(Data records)
- - - - - - -
Lemma ile_of_ile_inv_l s t : ile S (inv s ** s) (inv s ** t) -> ile S s t.
Proof.
  intro Hst; apply (ile_idemE S _ _ (idem_inv_l S s)) in Hst.
  assert (Es : s = s ** inv s ** (t ** (inv s ** s))).
  { transitivity (s ** (inv s ** t ** (inv s ** s))); [| assoc; reflexivity].
    rewrite Hst; assoc; rewrite mul_inv_mul; reflexivity. }
  rewrite Es; apply ile_trans with (t ** (inv s ** s)).
  - apply ile_idem_l, idem_inv_r.
  - exists (inv s ** s); split; [apply idem_inv_l | reflexivity].
Qed.

Lemma is_sup_inv_l (D : S -> Prop) m :
  is_sup (fun _ => True) (ile S) D m ->
  is_sup (idem S) (ile S) (fun e => exists d, D d /\ e = inv d ** d) (inv m ** m).
Proof.
  intros [_ [Ub Least]]; repeat split.
  - apply idem_inv_l.
  - intros e [d [Dd ->]]; apply ile_inv_l, Ub, Dd.
  - intros f If Hf.
    assert (Hm : ile S m (m ** f)).
    { apply Least; [exact I |]; intros d Dd.
      assert (Efd : f ** (inv d ** d) = inv d ** d).
      { apply ile_idemE; [apply idem_inv_l | apply Hf; exists d; auto]. }
      rewrite (ile_eq S d m (Ub d Dd)), <- Efd.
      exists (inv d ** d); split; [apply idem_inv_l | assoc; reflexivity]. }
    apply ile_inv_l in Hm; rewrite (inv_mul_idem_r S m f If) in Hm.
    apply ile_trans with (inv m ** m ** f); [exact Hm | apply ile_idem_l, idem_inv_l].
Qed.

Lemma mirror_is_sup (Hm : mirror S) (D : S -> Prop) eps :
  directed (idem S) (ile S) D -> is_sup (idem S) (ile S) D eps ->
  is_sup (fun _ => True) (ile S) D eps.
Proof.
  intros HD Hsup; pose proof Hsup as [Ie [Ub Least]].
  destruct (Hm D HD (ex_intro _ eps Hsup)) as [m [_ [Ubm Leastm]]].
  assert (Hme : ile S m eps) by (apply Leastm; auto).
  assert (Hem : ile S eps m) by (apply Least; [apply (idem_ile S eps); assumption | exact Ubm]).
  repeat split; [exact Ub |].
  intros u _ Hu; apply ile_trans with m; auto.
Qed.

Lemma way_below_mul_idem s phi :
  idem S phi -> way_below (idem S) (ile S) phi (inv s ** s) ->
  way_below (fun _ => True) (ile S) (s ** phi) s.
Proof.
  intros Ip Wp D HD m Hsup Hsm.
  pose proof Hsup as [_ [Ub _]].
  assert (HE : directed (idem S) (ile S) (fun e => exists d, D d /\ e = inv d ** d)).
  { apply (directed_image (fun _ => True) (ile S)); auto.
    - intros; apply idem_inv_l.
    - intros; apply ile_inv_l; assumption. }
  destruct (Wp _ HE _ (is_sup_inv_l D m Hsup) (ile_inv_l S s m Hsm))
    as [e [[d [Dd ->]] Hpd]].
  exists d; split; [exact Dd |].
  apply (ile_idemE S _ _ Ip) in Hpd.
  exists phi; split; [exact Ip |].
  rewrite (ile_eq S s m Hsm), (ile_eq S d m (Ub d Dd)).
  rewrite <- mul_assoc, (idem_mul_way_below _ phi (idem_inv_l S s) Ip Wp).
  rewrite <- mul_assoc, Hpd; reflexivity.
Qed.

Lemma ile_of_way_below_agree (Hc : continuous_poset (idem S) (ile S)) (Hm : mirror S) s u :
  (forall phi, idem S phi -> way_below (idem S) (ile S) phi (inv s ** s) -> s ** phi = u ** phi) ->
  ile S s u.
Proof.
  intro Hagree; apply ile_of_ile_inv_l.
  destruct (Hc _ (idem_inv_l S s)) as [Hdir Hsup].
  destruct (mirror_is_sup Hm _ _ Hdir Hsup) as [_ [_ Least]].
  apply Least; [exact I |]; intros phi [Ip Wp].
  apply ile_idemE; [exact Ip |].
  rewrite <- mul_assoc, <- Hagree by assumption; rewrite mul_assoc.
  apply idem_mul_way_below; [apply idem_inv_l | exact Ip | exact Wp].
Qed.

Lemma mirror_of_way_below_separated : way_below_separated -> mirror S.
Proof.
  intros Hsep D HD [eps Hsup]; exists eps.
  pose proof Hsup as [Ie [Ub Least]].
  repeat split; [exact Ub |]; intros u _ Hu.
  assert (Hdu : forall d, D d -> u ** d = d)
    by (intros d Dd; apply ile_idemE; [apply (proj1 HD) | apply Hu]; exact Dd).
  assert (Heu : ile S eps (inv u ** u)).
  { apply Least; [apply idem_inv_l |]; intros d Dd.
    pose proof (ile_inv_l S d u (Hu d Dd)) as Hd.
    rewrite inv_idem, (proj1 HD d Dd) in Hd by exact (proj1 HD d Dd); exact Hd. }
  apply ile_idemE; [exact Ie |].
  apply NNPP; intro Hne.
  destruct (Hsep eps Ie (u ** eps) eps) as [phi [Ip [Wp Hphi]]]; [| | exact Hne |].
  - apply H_iff; rewrite inv_mul_idem_r by exact Ie; apply ile_idemE; assumption.
  - apply H_iff; rewrite inv_idem by exact Ie; exact Ie.
  - destruct (Wp D HD eps Hsup (ile_refl S eps)) as [d [Dd Hpd]].
    apply ile_idemE in Hpd; [| exact Ip].
    apply Hphi; rewrite <- mul_assoc, (idem_mul_way_below eps phi Ie Ip Wp), <- Hpd, mul_assoc, Hdu, Hpd by exact Dd; reflexivity.
Qed.

Lemma way_below_separated_of_mirror :
  continuous_poset (idem S) (ile S) -> mirror S -> way_below_separated.
Proof.
  intros Hc Hm eps Ie s t Hs Ht Hst; apply H_iff in Hs, Ht.
  apply NNPP; intro Hn; apply Hst.
  assert (Hle : ile S s t).
  { apply (ile_of_way_below_agree Hc Hm); intros phi Ip Wp.
    apply NNPP; intro Hne; apply Hn; exists phi; rewrite <- Hs; auto. }
  rewrite (ile_eq S s t Hle), Hs, <- Ht, mul_assoc; apply mul_inv_mul.
Qed.

Lemma continuous_of_mirror :
  continuous_poset (idem S) (ile S) -> mirror S ->
  continuous_poset (fun _ : S => True) (ile S).
Proof.
  intros Hc Hm s _.
  destruct (Hc _ (idem_inv_l S s)) as [Hdir Hsup].
  set (Ws := fun phi => idem S phi /\ way_below (idem S) (ile S) phi (inv s ** s)).
  apply (way_below_directed_sup _ _ (ile_refl S) (ile_trans S) s
           (fun x => exists phi, Ws phi /\ x = s ** phi)); [exact I | | |].
  - apply (directed_image (idem S) (ile S)); auto; intros; apply ile_mul2l; assumption.
  - repeat split.
    + intros x [phi [[Ip _] ->]]; exists phi; auto.
    + intros u _ Hu; apply (ile_of_way_below_agree Hc Hm); intros phi Ip Wp.
      rewrite (ile_eq S (s ** phi) u) at 1 by (apply Hu; exists phi; split; [split |]; auto).
      rewrite inv_mul_idem_r, (idem_mul_way_below _ phi (idem_inv_l S s) Ip Wp) by exact Ip.
      reflexivity.
  - intros x [phi [[Ip Wp] ->]]; apply way_below_mul_idem; assumption.
Qed.

End MirrorSemigroups.

Theorem theorem5p5 (S : InverseSemigroup) :
  continuous_poset (idem S) (ile S) ->
  (mirror S <->
   (forall eps : S, idem S eps ->
    forall s t : S, H S eps s -> H S eps t -> s <> t ->
    exists phi : S, idem S phi /\ way_below (idem S) (ile S) phi eps /\
                    mul s phi <> mul t phi)) /\
  (mirror S -> continuous_poset (fun _ : S => True) (ile S)).
Proof.
  intro Hc; split.
  - split; [apply way_below_separated_of_mirror, Hc | apply mirror_of_way_below_separated].
  - apply continuous_of_mirror, Hc.
Qed.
- - - - - - -
▸ **Exercise details**
Please go through the entries and show every line with the word "Hsep".

▸ **Result**
  intros Hsep D HD [eps Hsup]; exists eps.
  destruct (Hsep eps Ie (u ** eps) eps) as [phi [Ip [Wp Hphi]]]; [| | exact Hne |].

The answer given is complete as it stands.